4) Tempat kedudukan, tempat kedudukan juga sangat penting untuk suatu badan hukum karena tempat kedudukan badan hukum ini juga melahirkankaidah hukum
5) Pilihan Hukum, pilihan hukum dapat menciptakan hubungan HPI. Contoh: seorang pedagang warga negara indonesia dan pedagang jepang menetapkan dalam perjanjian mereka bahwa dalam perjanjian dagang, mereka bahwa Hukum Indonesia yang akan berlaku.
Perincian titik pertalian lebih lanjut adalah sebagai berikut:
1) Titik pertalian kumulatif
a. Kumulatif hukum sendiri dan hukum asing
b. Kumulatif dari dua stelsel hukum yang kebetulan
2) Titik pertalian alternatif
3) Titik pertalian pengganti
4) Titik pertalian tambahan
5) Titik pertalian accesoir (lebih lanjut)

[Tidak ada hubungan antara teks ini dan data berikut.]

Lemma walk_remove_cycles M s w : N * (N * N).+1 + N * M < (size w).+1 ->
  exists w' cs, [/\ size cs = M,
    forall c, c \in cs -> [/\ 0 < size c.2 <= N, last c.1 c.2 = c.1 &
                            {subset edges (c.1 :: c.2) <= edges (s :: w')}],
    edges (s :: w') =i edges (s :: w),
    walk_mon s w = madd (walk_mon s w') (cycles_mon cs) &
    size w = size w' + cycles_size cs].
Proof.
elim: M w => [|M IH] w size_w.
  exists w, [::]; rewrite /cycles_size big_nil addn0; split => //.
  by apply/ffunP => u; rewrite maddE !ffunE big_nil addn0.
have [w1 [v [z [size_w1 size_z last_z sub_z [edges_w1 mon_w1]]]]] :=
  walk_remove_cycle s (leq_ltn_trans (leq_addr _ _) size_w).
have [|w' [cs [size_cs closed_cs edges_w' mon_w' size_w']]] := IH w1; first lia.
exists w', ((v, z) :: cs); split => /=.
- by rewrite size_cs.
- move=> c; rewrite in_cons => /orP [/eqP -> /=|/closed_cs //].
  by split => // e /sub_z; rewrite edges_w'.
- by move=> e; rewrite edges_w' edges_w1.
- by rewrite mon_w1 mon_w' cycles_mon_cons /= [madd (edge_mon _) _]maddC maddA.
- by rewrite size_w1 size_w' /cycles_size big_cons /=; lia.
Qed.

(* Among N (N F) removable cycles of lengths at most N, F of them have the same
   length l; as l divides F, F / l of these form a package of total length F. *)
Lemma walk_extract_package F s w : 0 < N -> 0 < F -> (forall l, 0 < l <= N -> l %| F) ->
  N * (N * N).+1 + N * (N * F) < (size w).+1 ->
  exists w' y, [/\ size w = size w' + F, walk_mon s w = madd (walk_mon s w') y,
    cycle_sum (mem (edges (s :: w'))) F y & edges (s :: w') =i edges (s :: w)].
Proof.
move=> N_gt0 F_gt0 dvd_F size_w.
have [w1 [cs [size_cs closed_cs edges_w1 mon_w1 size_w1]]] := walk_remove_cycles s size_w.
have [l [range_l count_l]] : exists l, 0 < l <= N /\ F <= count (fun c => size c.2 == l) cs.
  by apply: count_pigeonhole => [||c /closed_cs []|] //; rewrite size_cs.
pose package := take (F %/ l) [seq c <- cs | size c.2 == l].
pose rest := drop (F %/ l) [seq c <- cs | size c.2 == l] ++ [seq c <- cs | size c.2 != l].
have perm_cs : perm_eq (package ++ rest) cs by rewrite catA cat_take_drop perm_filterC.
have in_cs c : c \in package ++ rest -> c \in cs by rewrite (perm_mem perm_cs).
have size_package : cycles_size package = F.
  have -> : cycles_size package = \sum_(c <- package) l.
    by apply: eq_big_seq => c /mem_take; rewrite mem_filter => /andP [/eqP].
  rewrite big_const_seq count_predT iter_addn_0 size_takel; first by rewrite mulnC divnK ?dvd_F.
  by rewrite size_filter (leq_trans (leq_div _ _) count_l).
have mon_cs : cycles_mon cs = madd (cycles_mon package) (cycles_mon rest).
  by rewrite -cycles_mon_cat; apply/ffunP => u; rewrite !ffunE (perm_big _ perm_cs).
have size_cs' : cycles_size cs = F + cycles_size rest.
  by rewrite -size_package /cycles_size -big_cat (perm_big _ perm_cs).
have rest_sum : cycle_sum (mem (edges (s :: w1))) (cycles_size rest) (cycles_mon rest).
  apply: cycle_sum_cycles => c Hc.
  have /closed_cs [] // : c \in cs by apply: in_cs; rewrite mem_cat Hc orbT.
have [w' [size_w' mon_w' edges_w']] := walk_insert_cycle_sum rest_sum (fun e He => He).
exists w', (cycles_mon package); split.
- by rewrite size_w1 size_w' size_cs'; lia.
- by rewrite mon_w1 mon_w' mon_cs [madd (cycles_mon package) _]maddC maddA.
- rewrite -size_package; apply: cycle_sum_cycles => c Hc.
  have /closed_cs [_ last_c sub_c] : c \in cs by apply: in_cs; rewrite mem_cat Hc.
  by split => // e /sub_c; rewrite /= edges_w'.
- by move=> e; rewrite edges_w' edges_w1.
Qed.

Fixpoint sum_in (Q : mon N -> Prop) (j : nat) (m : mon N) : Prop :=
  if j is j'.+1 then exists y m', [/\ Q y, sum_in Q j' m' & m = madd y m'] else m = mon0 N.

Lemma sum_in_mono (Q1 Q2 : mon N -> Prop) j m :
  (forall y, Q1 y -> Q2 y) -> sum_in Q1 j m -> sum_in Q2 j m.
Proof.
move=> sub_Q; elim: j m => [|j IH] m //=.
by case=> y [m' [Q1y sum_m' ->]]; exists y, m'; split; [apply: sub_Q | apply: IH |].
Qed.

Lemma walk_extend F s w j y : sum_in (cycle_sum (edge_supp (walk_mon s w)) F) j y ->
  exists w', [/\ size w' = size w + j * F, walk_mon s w' = madd (walk_mon s w) y &
    edges (s :: w') =i edges (s :: w)].
Proof.
elim: j y => [|j IH] y /=.
  by move=> ->; exists w; rewrite mul0n addn0 maddm0.
case=> y1 [y' [sum_y1 /IH [w1 [size_w1 mon_w1 edges_w1]] ->]].
have [|w2 [size_w2 mon_w2 edges_w2]] := @walk_insert_cycle_sum _ F y1 s w1 sum_y1.
  by move=> e He; rewrite edges_w1 -edge_supp_walk_mon.
exists w2; split.
- by rewrite size_w2 size_w1 mulSn; lia.
- by rewrite mon_w2 mon_w1 -maddA [madd y' y1]maddC.
- by move=> e; rewrite edges_w2 edges_w1.
Qed.

Lemma walk_decompose F L s w j : 0 < N -> 0 < F -> (forall l, 0 < l <= N -> l %| F) ->
  N * (N * N).+1 + N * (N * F) <= L -> size w = L + j * F ->
  exists w0 y, [/\ size w0 = L, edges (s :: w0) =i edges (s :: w),
    sum_in (cycle_sum (edge_supp (walk_mon s w0)) F) j y &
    walk_mon s w = madd (walk_mon s w0) y].
Proof.
move=> N_gt0 F_gt0 dvd_F le_L; elim: j w => [|j IH] w size_w.
  by exists w, (mon0 N); rewrite size_w mul0n addn0 maddm0.
have [|w1 [y1 [size_w1 mon_w1 sum_y1 edges_w1]]] := @walk_extract_package F s w N_gt0 F_gt0 dvd_F.
  by rewrite size_w mulSn; lia.
have [|w0 [y' [size_w0 edges_w0 sum_y' mon_w0]]] := IH w1.
  by move: size_w1; rewrite size_w mulSn; lia.
exists w0, (madd y1 y'); split => //.
- by move=> e; rewrite edges_w0 edges_w1.
- exists y1, y'; split => //; apply: cycle_sum_mono sum_y1 => e.
  by move=> He; rewrite edge_supp_walk_mon edges_w0.
- by rewrite mon_w1 mon_w0 -maddA [madd y' y1]maddC.
Qed.

End CyclePackages.

Section BinaryPolynomials.
Variables (K : comPzSemiRingType) (N : nat).
Implicit Types (p q : mpoly K N) (f g : series K N) (m : mon N).

Definition mons p : seq (mon N) := map fst p.

(* Every coefficient of [S_N] is a sum of ones; over an idempotent semiring such
   a polynomial is determined by [mons]. *)
Definition coefs1 p : bool := all (fun t => t.2 == 1%R) p.

Lemma coef_coefs1 p m : (forall x : K, (x + x)%R = x) -> coefs1 p ->
  coef p m = if m \in mons p then 1%R else 0%R.
Proof.
move=> idemK; rewrite /coef /mons; elim: p => [|t p IH] /=; first by rewrite big_nil.
case/andP => /eqP t2 coefs_p; rewrite big_cons in_cons IH // t2.
by case: eqVneq => //= _; case: (m \in _); rewrite ?idemK ?addr0.
Qed.

Lemma peq_coefs1 p q : (forall x : K, (x + x)%R = x) -> coefs1 p -> coefs1 q ->
  mons p =i mons q -> peq p q.
Proof. by move=> idemK coefs_p coefs_q eq_mons m; rewrite !coef_coefs1 // eq_mons. Qed.

Lemma mons_cat p q : mons (p ++ q) = mons p ++ mons q.
Proof. exact: map_cat. Qed.

Lemma mem_mons_flatten (I : eqType) (r : seq I) (G : I -> mpoly K N) m :
  reflect (exists2 i, i \in r & m \in mons (G i)) (m \in mons (flatten [seq G i | i <- r])).
Proof.
have -> : mons (flatten [seq G i | i <- r]) = flatten [seq mons (G i) | i <- r].
  by elim: r => //= i r IH; rewrite mons_cat IH.
exact: flatten_mapP.
Qed.

Lemma mem_mons_pmul p q m :
  m \in mons (pmul p q) <-> exists a b, [/\ a \in mons p, b \in mons q & m = madd a b].
Proof.
have -> : mons (pmul p q) = [seq madd a b | a <- mons p, b <- mons q].
  by rewrite /pmul /mons; elim: p => //= t p IH; rewrite map_cat IH -!map_comp.
split; first by case/allpairsP => [[a b] [/= Ha Hb ->]]; exists a, b.
by case=> a [b [Ha Hb ->]]; apply/allpairsP; exists (a, b).
Qed.

Lemma mons_pvar (v : var N) m : (m \in mons (pvar K v)) = (m == mvar v).
Proof. by rewrite /mons /= inE. Qed.

Lemma mem_mons_ppow p j m : m \in mons (ppow p j) <-> sum_in (fun y => y \in mons p) j m.
Proof.
elim: j m => [|j IH] m; first by rewrite /mons /= inE; split => [/eqP|->].
rewrite [ppow _ _]/= mem_mons_pmul /=.
by split=> [[a [b [Ha /IH Hb ->]]]|[y [m' [Hy /IH Hm' ->]]]]; [exists a, b | exists y, m'].
Qed.

Lemma coefs1_cat p q : coefs1 p -> coefs1 q -> coefs1 (p ++ q).
Proof. by rewrite /coefs1 all_cat => -> ->. Qed.

Lemma coefs1_flatten (I : Type) (r : seq I) (G : I -> mpoly K N) :
  (forall i, coefs1 (G i)) -> coefs1 (flatten [seq G i | i <- r]).
Proof. by move=> coefs_G; elim: r => //= i r IH; apply: coefs1_cat. Qed.

Lemma coefs1_pmul p q : coefs1 p -> coefs1 q -> coefs1 (pmul p q).
Proof.
move=> /allP coefs_p /allP coefs_q; apply/allP => t /allpairsP [[a b] [Ha Hb ->]] /=.
by rewrite (eqP (coefs_p a Ha)) (eqP (coefs_q b Hb)) mulr1.
Qed.

Lemma coefs1_pone : coefs1 (pone K N).
Proof. by rewrite /coefs1 /= eqxx. Qed.

Lemma coefs1_pvar (v : var N) : coefs1 (pvar K v).
Proof. by rewrite /coefs1 /= eqxx. Qed.

Lemma coefs1_ppow p j : coefs1 p -> coefs1 (ppow p j).
Proof. by move=> coefs_p; elim: j => [|j IH]; [apply: coefs1_pone | apply: coefs1_pmul]. Qed.

Lemma coefs1_of_mons (r : seq (mon N)) : coefs1 [seq (y, 1%R) | y <- r].
Proof. by elim: r => //= y r IH; rewrite eqxx. Qed.

Lemma mons_of_mons (r : seq (mon N)) : mons [seq (y, 1%R) | y <- r] = r.
Proof. by rewrite /mons -map_comp map_id. Qed.

Lemma mem_mons_cAk k (j : 'I_N) m : m \in mons (cAk K N k j) <->
  exists s w, [/\ size w = k, last s w = j & m = madd (mvar (vc s)) (edge_mon (edges (s :: w)))].
Proof.
elim: k j m => [|k IH] j m.
  rewrite mons_pvar; split => [/eqP ->|[s [w [size_w last_w ->]]]].
    by exists j, [::]; rewrite /= edge_mon0 maddm0.
  by case: w size_w last_w => //= _ ->; rewrite edge_mon0 maddm0.
split => [/mem_mons_flatten [i _ /mem_mons_pmul [a [b [/IH [s [w [size_w last_w ->]]] Hb ->]]]]|].
  move: Hb; rewrite mons_pvar => /eqP ->.
  exists s, (rcons w j); rewrite size_rcons last_rcons size_w.
  by rewrite edges_rcons edge_mon_rcons last_w maddA.
case=> s [w [size_w last_w ->]]; case/lastP: w size_w last_w => // w i.
rewrite size_rcons last_rcons => -[size_w] <-.
apply/mem_mons_flatten; exists (last s w); first by rewrite mem_enum.
apply/mem_mons_pmul.
exists (madd (mvar (vc s)) (edge_mon (edges (s :: w)))), (mvar (vA (last s w) i)).
split; first by apply/IH; exists s, w.
  by rewrite mons_pvar.
by rewrite edges_rcons edge_mon_rcons maddA.
Qed.

Lemma coefs1_cAk k (j : 'I_N) : coefs1 (cAk K N k j).
Proof.
elim: k j => [|k IH] j; first exact: coefs1_pvar.
by apply: coefs1_flatten => i; apply: coefs1_pmul; last exact: coefs1_pvar.
Qed.

Lemma coefs1_SN n : coefs1 (SN K N n).
Proof.
by apply: coefs1_flatten => j; apply: coefs1_pmul; [apply: coefs1_cAk | apply: coefs1_pvar].
Qed.

Lemma mem_mons_SN n m : m \in mons (SN K N n) <-> exists s w, size w = n /\ m = walk_mon s w.
Proof.
split => [/mem_mons_flatten [j _ /mem_mons_pmul [a [b [/mem_mons_cAk Ha Hb ->]]]]|].
  have [s [w [size_w last_w ->]]] := Ha.
  by move: Hb; rewrite mons_pvar => /eqP ->; exists s, w; rewrite /walk_mon last_w.
case=> s [w [size_w ->]]; apply/mem_mons_flatten; exists (last s w); first by rewrite mem_enum.
apply/mem_mons_pmul.
exists (madd (mvar (vc s)) (edge_mon (edges (s :: w)))), (mvar (vb (last s w))).
by split; [apply/mem_mons_cAk; exists s, w | rewrite mons_pvar |].
Qed.

Lemma mem_mons_smul f g n m : m \in mons (smul f g n) <->
  exists i a b, [/\ i <= n, a \in mons (f i), b \in mons (g (n - i)) & m = madd a b].
Proof.
split => [/mem_mons_flatten [i]|[i [a [b [le_in Ha Hb ->]]]]].
  by rewrite mem_iota ltnS => le_in /mem_mons_pmul [a [b [Ha Hb ->]]]; exists i, a, b.
by apply/mem_mons_flatten; exists i; rewrite ?mem_iota //; apply/mem_mons_pmul; exists a, b.
Qed.

Lemma mem_mons_ssum rho (G : nat -> series K N) n m :
  m \in mons (ssum rho G n) <-> exists2 i, i < rho & m \in mons (G i n).
Proof.
split => [/mem_mons_flatten [i]|[i lt_i Hm]]; first by rewrite mem_iota; exists i.
by apply/mem_mons_flatten; exists i; rewrite ?mem_iota.
Qed.

Lemma mons_smono p k n : mons (smono p k n) = if n == k then mons p else [::].
Proof. by rewrite /smono; case: (n == k). Qed.

Lemma mons_sstar p c n : mons (sstar p c n) = if c %| n then mons (ppow p (n %/ c)) else [::].
Proof. by rewrite /sstar; case: (c %| n). Qed.

Lemma coefs1_smul f g n : (forall i, coefs1 (f i)) -> (forall i, coefs1 (g i)) ->
  coefs1 (smul f g n).
Proof. by move=> coefs_f coefs_g; apply: coefs1_flatten => i; apply: coefs1_pmul. Qed.

Lemma coefs1_ssum rho (G : nat -> series K N) n :
  (forall i k, coefs1 (G i k)) -> coefs1 (ssum rho G n).
Proof. by move=> coefs_G; apply: coefs1_flatten. Qed.

Lemma coefs1_smono p k n : coefs1 p -> coefs1 (smono p k n).
Proof. by rewrite /smono; case: (n == k). Qed.

Lemma coefs1_sstar p c n : coefs1 p -> coefs1 (sstar p c n).
Proof. by move=> coefs_p; rewrite /sstar; case: (c %| n) => //; apply: coefs1_ppow. Qed.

Pertama, titik pertalian Kumulasi, terdapat kumulasi (penumpukan) daripada titik pertalian yaitu kumulasi adri pada hukum sendiri dan hukum asing, dan kumulasi dari dua stelsel hukum yang kebetulan. Kedua, titik pertalian Alternatif, terdapat lebih dari satu titik pertalian yang dapat menentukan hukum yang berlaku. Salah satu daripada dua atau lebih faktor ini daapt merupakan faktor yang berlaku. Karena itu disebut titik pertalian alternatif. Ketiga, titik pertalain pengganti, titik taut yang digunakan bila titik taut yang sebenarnya tidak terdapat terkait dengan titik pertalian alternatif. Keempat, titik pertalian accesoir, perincian lebih jauh adalah yang dinamakan titik pertalian accesoir. Penempatan suatu hubungan hukum dibawah satu stelsel hukum yang sudah berlaku yang lebih utama. Contoh: perjanjian reasuransi ditentukan oleh hukum yang mengatur asuransi pokok.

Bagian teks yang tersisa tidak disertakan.